Он был очень популярен несколько лет назад, но я так и не поняла, что заставляет людей читать его в таких количествах.
— Его любили по тем же причинам, что и «Пятьдесят оттенков серого», например?
— Ну, во-первых, «Пятьдесят оттенков серого» народ уже отлюбил. А его любили совершенно по другой причине. Паоло Коэльо транслирует очень простые истины. Знаете, какая мысль кажется нам умной? Та, которую мы сами думали, но не могли сформулировать. Паоло Коэльо работал таким психотерапевтом для очень большого числа людей. Он брал какие-то простые вещи, которые огромное множество людей ощущало интуитивно, но не могло облечь в слова. А он приходил и говорил: «Прикиньте, вода-то мокрая! А дважды два – четыре! А каждому надлежит выбрать свой путь…» А поскольку мысли и идеи, которые он транслировал, – это очень простые мысли и идеи, то они, соответственно, заходили максимально широкому массиву читателя.
— Но если сейчас появится какой-то другой писатель, который будет говорить что-то в этом духе, может быть, уже и не прокатит?
— Может быть, да. Потому что эта ниша, которую восемь — десять лет назад, а на самом деле еще двадцать лет назад занимал Паоло Коэльо, сегодня занята всевозможными книгами по психологии, личностному росту и так далее. Среди этого есть хорошие, важные книги, есть и такое полное фуфло, как это всегда бывает. Но мне кажется, что эта ниша доверительного разговора на грани с банальностью занята этим сегментом, а тогда этого всего еще не процвело на нашей почве в таких количествах.

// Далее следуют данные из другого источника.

(* Let $\lambda>0$, $\lambda_{max}>0$, $p\in(0,1)$, let $B\ge1$ be an integer, and let $f_B:[0,1]\to\mathbb{R}$ be as defined in the context. For $q,\tilde q\in[0,1]$ let $\mathrm{TH}_B(q,\tilde q)=f_B(q)\exp\!\big(-\frac{\lambda f_B(\tilde q)}{\lambda_{max}}\big)$, and call $q^*\in[0,1]$ a symmetric Nash equilibrium (SNE) if $\mathrm{TH}_B(q^*,q^* )=\max_{q\in[0,1]}\mathrm{TH}_B(q,q^* )$. Then $q^*=1$ is an SNE. At any SNE $q^*$, $\mathrm{TH}_B(q^*,q^* )=p\exp\!\big(-\frac{p\lambda}{\lambda_{max}}\big)$ and the transmission capacity $C=\lambda\,\mathrm{TH}_B(q^*,q^* )$ equals $\lambda p\exp\!\big(-\frac{p\lambda}{\lambda_{max}}\big)$.
   Context: For $q\in(0,1]$ define $r_B(q)$ by: if $B=1$, $r_1(q)=\frac{p}{p+q-pq}$; if $B>1$ and $q\ne p$, $r_B(q)=\frac{\frac{p}{q}(1-\rho^B)}{1-\frac{p}{q}\rho^B}$ with $\rho=\frac{p(1-q)}{q(1-p)}$; if $B>1$ and $q=p$, $r_B(p)=\frac{B}{B+1-p}$. Set $f_B(q)=q\,r_B(q)$ for $q\in(0,1]$ and $f_B(0)=0$. Interpretation: transmitters form a homogeneous Poisson point process of density $\lambda$ in $\mathbb{R}^2$, harvest one energy unit per slot with probability $p$ into a battery of capacity $B$, and transmit with their own ALOHA probability when the battery is nonempty; $\mathrm{TH}_B(q,\tilde q)$ is the throughput of a transmitter using $q$ when all others use $\tilde q$; $\lambda_{max}=\frac{1}{d^2\theta^{2/\alpha}\kappa(\alpha)}$, $\kappa(\alpha)=\frac{2\pi^2}{\alpha\sin(2\pi/\alpha)}$. *)

From Stdlib Require Import Reals.
Open Scope R_scope.

Definition rho (p q : R) : R := p * (1 - q) / (q * (1 - p)).

Definition r_B (p : R) (B : nat) (q : R) : R :=
  if Nat.eqb B 1 then p / (p + q - p * q)
  else if Req_EM_T q p then INR B / (INR B + 1 - p)
  else (p / q) * (1 - rho p q ^ B) / (1 - (p / q) * rho p q ^ B).

Definition f_B (p : R) (B : nat) (q : R) : R :=
  if Req_EM_T q 0 then 0 else q * r_B p B q.

Definition TH (lam lam_max p : R) (B : nat) (q qt : R) : R :=
  f_B p B q * exp (- (lam * f_B p B qt / lam_max)).

Definition SNE (lam lam_max p : R) (B : nat) (qs : R) : Prop :=
  0 <= qs <= 1 /\
  forall q, 0 <= q <= 1 -> TH lam lam_max p B q qs <= TH lam lam_max p B qs qs.

(* Whatever the battery size, a transmitter can never send more often than it harvests:
   f_B(q) <= p on [0,1], with equality at q = 1 (where rho = 0).  Hence q = 1 maximises
   TH_B(., q~) for every q~, so it is an SNE; conversely, comparing an SNE [qs] with the
   deviation q = 1 forces f_B(qs) >= p, hence f_B(qs) = p, which fixes TH_B(qs, qs). *)

From Stdlib Require Import Reals Lra Lia Psatz.
Open Scope R_scope.

Lemma Rdiv_le_1_pos (n d : R) : 0 < d -> n <= d -> n / d <= 1.
Proof.
  intros Hd Hnd.
  apply (Rmult_le_reg_r d); [exact Hd|].
  unfold Rdiv; rewrite Rmult_assoc, Rinv_l, Rmult_1_r, Rmult_1_l by lra.
  exact Hnd.
Qed.

Lemma Rdiv_le_1_neg (n d : R) : d < 0 -> d <= n -> n / d <= 1.
Proof.
  intros Hd Hnd.
  replace (n / d) with (- n / - d) by (field; lra).
  apply Rdiv_le_1_pos; lra.
Qed.

Lemma Rmult_le_1_r (p t : R) : 0 <= p -> t <= 1 -> p * t <= p.
Proof.
  intros Hp Ht.
  rewrite <- (Rmult_1_r p) at 2.
  now apply Rmult_le_compat_l.
Qed.

Section Rho.

Variables p q : R.
Hypothesis Hp : 0 < p < 1.
Hypothesis Hq : 0 < q <= 1.

Lemma rho_ge_0 : 0 <= rho p q.
Proof.
  unfold rho, Rdiv.
  apply Rmult_le_pos; [nra|].
  left; apply Rinv_0_lt_compat; nra.
Qed.

(* Hence [rho] lies on the same side of 1 as [p] does of [q]. *)
Lemma rho_sub_1 : rho p q - 1 = (p - q) / (q * (1 - p)).
Proof. unfold rho; field; lra. Qed.

Lemma rho_lt_1 : p < q -> rho p q < 1.
Proof.
  intros Hpq.
  enough ((p - q) / (q * (1 - p)) < 0) by (rewrite <- rho_sub_1 in *; lra).
  unfold Rdiv; apply Rmult_neg_pos; [lra|].
  apply Rinv_0_lt_compat; nra.
Qed.

Lemma rho_gt_1 : q < p -> 1 < rho p q.
Proof.
  intros Hqp.
  enough (0 < (p - q) / (q * (1 - p))) by (rewrite <- rho_sub_1 in *; lra).
  unfold Rdiv; apply Rmult_lt_0_compat; [lra|].
  apply Rinv_0_lt_compat; nra.
Qed.

End Rho.

(* For [a = p/q] and [x = rho^B] the two factors [a - 1] and [x - 1] have the same sign. *)
Lemma geometric_ratio_le_1 (a x : R) :
  (0 <= a <= 1 /\ 0 <= x < 1) \/ (1 <= a /\ 1 < x) ->
  (1 - x) / (1 - a * x) <= 1.
Proof.
  intros [[Ha Hx] | [Ha Hx]].
  - apply Rdiv_le_1_pos; nra.
  - apply Rdiv_le_1_neg; nra.
Qed.

Lemma geometric_branch_le (p q : R) (B : nat) :
  0 < p < 1 -> 0 < q <= 1 -> q <> p -> (0 < B)%nat ->
  q * (p / q * (1 - rho p q ^ B) / (1 - p / q * rho p q ^ B)) <= p.
Proof.
  intros Hp Hq Hqp HB.
  replace (q * (p / q * (1 - rho p q ^ B) / (1 - p / q * rho p q ^ B)))
    with (p * ((1 - rho p q ^ B) / (1 - p / q * rho p q ^ B))).
  2: { unfold Rdiv; rewrite <- !Rmult_assoc, (Rmult_comm q p), (Rmult_assoc p q),
         Rinv_r, Rmult_1_r by lra; reflexivity. }
  apply Rmult_le_1_r; [lra|].
  apply geometric_ratio_le_1.
  destruct (Rlt_or_le p q) as [Hpq | Hqp'].
  - left; split.
    + split; [apply Rlt_le, Rdiv_lt_0_compat; lra|].
      apply Rdiv_le_1_pos; lra.
    + apply pow_lt_1_compat; [split; [apply rho_ge_0 | apply rho_lt_1] |]; lra || lia.
  - right; split.
    + apply (Rmult_le_reg_r q); [lra|].
      unfold Rdiv; rewrite Rmult_assoc, Rinv_l by lra; lra.
    + apply Rlt_pow_R1; [apply rho_gt_1 | ]; lra || lia.
Qed.

Lemma f_B_le (p : R) (B : nat) (q : R) :
  0 < p < 1 -> (1 <= B)%nat -> 0 <= q <= 1 -> f_B p B q <= p.
Proof.
  intros Hp HB Hq. unfold f_B.
  destruct (Req_EM_T q 0) as [_ | Hq0]; [lra|].
  unfold r_B.
  destruct (Nat.eqb B 1).
  - replace (q * (p / (p + q - p * q))) with (p * (q / (p + q - p * q))) by (field; nra).
    apply Rmult_le_1_r; [lra|].
    apply Rdiv_le_1_pos; nra.
  - destruct (Req_EM_T q p) as [-> | Hqp].
    + assert (HB1 : 1 <= INR B) by (apply (le_INR 1); lia).
      apply Rmult_le_1_r; [lra|].
      apply Rdiv_le_1_pos; lra.
    + apply geometric_branch_le; lra || lia.
Qed.

Lemma f_B_1 (p : R) (B : nat) : 0 < p < 1 -> (1 <= B)%nat -> f_B p B 1 = p.
Proof.
  intros Hp HB. unfold f_B, r_B.
  destruct (Req_EM_T 1 0); [lra|].
  destruct (Nat.eqb B 1); [field; lra|].
  destruct (Req_EM_T 1 p); [lra|].
  assert (Hrho : rho p 1 = 0) by (unfold rho; field; lra).
  rewrite Hrho, pow_i by lia.
  field.
Qed.

Lemma TH_le_compat_l (lam lam_max p : R) (B : nat) (q q' qt : R) :
  f_B p B q <= f_B p B q' -> TH lam lam_max p B q qt <= TH lam lam_max p B q' qt.
Proof.
  intros Hf; unfold TH.
  apply Rmult_le_compat_r; [left; apply exp_pos | exact Hf].
Qed.

Lemma TH_le_reg_l (lam lam_max p : R) (B : nat) (q q' qt : R) :
  TH lam lam_max p B q qt <= TH lam lam_max p B q' qt -> f_B p B q <= f_B p B q'.
Proof.
  unfold TH; intros HTH.
  exact (Rmult_le_reg_r _ _ _ (exp_pos _) HTH).
Qed.

Theorem theorem4 (lam lam_max p : R) (B : nat) :
  0 < lam -> 0 < lam_max -> 0 < p < 1 -> (1 <= B)%nat ->
  SNE lam lam_max p B 1 /\
  (forall qs, SNE lam lam_max p B qs ->
     TH lam lam_max p B qs qs = p * exp (- (p * lam / lam_max)) /\
     lam * TH lam lam_max p B qs qs = lam * p * exp (- (p * lam / lam_max))).
Proof.
  intros Hlam Hlam_max Hp HB.
  split.
  - split; [lra|].
    intros q Hq; apply TH_le_compat_l.
    rewrite f_B_1 by assumption.
    now apply f_B_le.
  - intros qs [Hqs Hbest].
    assert (Hf : f_B p B qs = p).
    { apply Rle_antisym; [now apply f_B_le|].
      rewrite <- (f_B_1 p B) at 1 by assumption.
      apply (TH_le_reg_l lam lam_max p B 1 qs qs), Hbest; lra. }
    unfold TH; rewrite Hf.
    replace (lam * p / lam_max) with (p * lam / lam_max) by (field; lra).
    split; ring.
Qed.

Но я до сих пор считаю, что «Алхимик» — это хорошая детская книжка. Я знаю многих юных подростков, которые читают ее, и им хорошо. Просто во взрослом возрасте не надо бесконечно читать «Незнайку в Cолнечном городе».
— Кстати, буквально недавно я спрашивала в махачкалинском книжном магазине про самую популярную художественную книгу. Если верить консультанту, чаще всего покупают роман «Бегущий за ветром» Халеда Хоссейни.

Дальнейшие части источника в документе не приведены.